§ **WORK INSTRUCTIONS**:
Your answer must consist of exactly the lines below, starting with the line with "rlinear_on A phi -> Cpositive A Cn phi ->" and going on through the line with "have [g [g_ext", and nothing else.

Stored data

== == ==

Lemma dual_map_clinear : clinear dual_map.
Proof. by move=> c a a'; apply/matrixP=> i j; rewrite !mxE tensmxDl tensmxZl fD fZ. Qed.

Lemma functional_sum I (r : seq I) (P : pred I) (F : I -> 'M[C]_(n * m)) :
  f (\sum_(i <- r | P i) F i) = \sum_(i <- r | P i) f (F i).
Proof.
have f0 : f 0 = 0 by rewrite -(scale0r 0) fZ mul0r.
exact: (big_morph _ fD f0).
Qed.

Lemma trace_dual_map a b : \tr (dual_map a *m b^T) = f (a *t b).
Proof.
rewrite tensmx_delta functional_sum /mxtrace; apply: eq_bigr => i _.
rewrite functional_sum mxE; apply: eq_bigr => j _.
by rewrite fZ !mxE mulrC.
Qed.

End DualMap.

Section Extension.
Variable R : realType.
Local Notation C := R[i].
Variables n m : nat.
Local Notation V := 'M[C]_(n * m).
Variables (A : 'M[C]_n -> Prop) (Cn : ('M[C]_m -> 'M[C]_m) -> Prop).
Variable phi : 'M[C]_n -> 'M[C]_m.
Hypothesis Cn_pos : forall alpha, Cn alpha -> clinear alpha /\ posmap alpha.

Lemma complexify_ge0 (g : V -> R) x :
  (forall x y, g (x + y) = g x + g y) -> (forall (t : R) x, g (t%:C *: x) = t * g x) ->
  (forall x, in_PACh Cn x -> 0 <= g x) -> in_PAC Cn x -> 0 <= complexify g x.
Proof.
move=> gD gZ g_ge0 Px; have [sx _] := Px.
have gN y : g (- y) = - g y by rewrite -scaleN1r -(rmorphN1 (real_complex R)) gZ mulN1r.
have Pix (y : V) : selfadj y -> in_PACh Cn ('i *: y).
  by move=> sy; rewrite /in_PACh hpart_iZ //; apply: in_PAC0.
have := g_ge0 _ (Pix _ sx); have := g_ge0 _ (Pix _ (selfadjN sx)).
rewrite scalerN gN oppr_ge0 => gix_le0 gix_ge0.
have gix0 : g ('i *: x) = 0 by apply/le_anti; rewrite gix_le0 gix_ge0.
by rewrite /complexify gix0 lecE /= oppr0 eqxx g_ge0 // /in_PACh hpart_id.
Qed.

Lemma Cpositive_dual_map (f : V -> C) :
  (forall x y, f (x + y) = f x + f y) -> (forall c x, f (c *: x) = c * f x) ->
  (forall x, in_PAC Cn x -> 0 <= f x) -> Cpositive (fun _ => True) Cn (dual_map f).
Proof.
move=> fD fZ f_ge0 k a b _ Px; rewrite (eq_bigr (fun i => f (a i *t b i))) => [|i _].
  by rewrite -functional_sum //; apply: f_ge0.
exact: trace_dual_map.
Qed.

Hypothesis phi_pos : Cpositive A Cn phi.

Lemma dual_map_dual_fun (f : V -> C) a : (forall x, in_tens A x -> f x = dual_fun A phi x) ->
  A a -> dual_map f a = phi a.
Proof.
move=> f_ext Aa; apply/matrixP=> i j.
have rep : tens_rep A (a *t delta_mx i j) [:: (a, delta_mx i j)].
  by split=> [ab|]; [rewrite inE => /eqP -> | rewrite /tens_sum big_seq1].
rewrite mxE f_ext; last by exists [:: (a, delta_mx i j)].
by rewrite (dual_funE Cn_pos phi_pos rep) /dual_sum big_seq1 trace_mulmx_delta.
Qed.

End Extension.

Unset Implicit Arguments.

Theorem theorem1 (R : realType) (n m : nat)
    (A : 'M[R[i]]_n -> Prop) (Cn : ('M[R[i]]_m -> 'M[R[i]]_m) -> Prop)
    (phi : 'M[R[i]]_n -> 'M[R[i]]_m) :
  real_opsys A -> mapping_cone Cn ->
  rlinear_on A phi -> Cpositive A Cn phi ->
  exists psi : 'M[R[i]]_n -> 'M[R[i]]_m,
    [/\ clinear psi,
        Cpositive (fun _ => True) Cn psi &
        forall a, A a -> psi a = phi a].
Proof.
move=> [A_sa A1 _ _] [Cn_pos _ _ _ _] _ phi_pos.
have [g [g_ext gD gZ g_ge0]] := krein_extension (@in_PAChD R n m Cn Cn_pos)
  (in_PAChZ Cn_pos) (in_PACh_order_unit Cn_pos) (pos_functional_dual Cn_pos phi_pos A_sa A1).
have fD := complexifyD gD; have fZ := complexifyZ gD gZ.
exists (dual_map (complexify g)); split.
- exact: dual_map_clinear.
- by apply: Cpositive_dual_map => // x; apply: complexify_ge0.
- move=> a; apply: (dual_map_dual_fun Cn_pos phi_pos) => x xT.
  rewrite /complexify !g_ext ?(dual_funZ Cn_pos phi_pos) ?Complex_ReNRei //.
  exact: in_tensZ.
Qed.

== == ==

§ **RESPONSE FOR THIS EXERCISE**:
  rlinear_on A phi -> Cpositive A Cn phi ->
  exists psi : 'M[R[i]]_n -> 'M[R[i]]_m,
    [/\ clinear psi,
        Cpositive (fun _ => True) Cn psi &
        forall a, A a -> psi a = phi a].
Proof.
move=> [A_sa A1 _ _] [Cn_pos _ _ _ _] _ phi_pos.
have [g [g_ext gD gZ g_ge0]] := krein_extension (@in_PAChD R n m Cn Cn_pos)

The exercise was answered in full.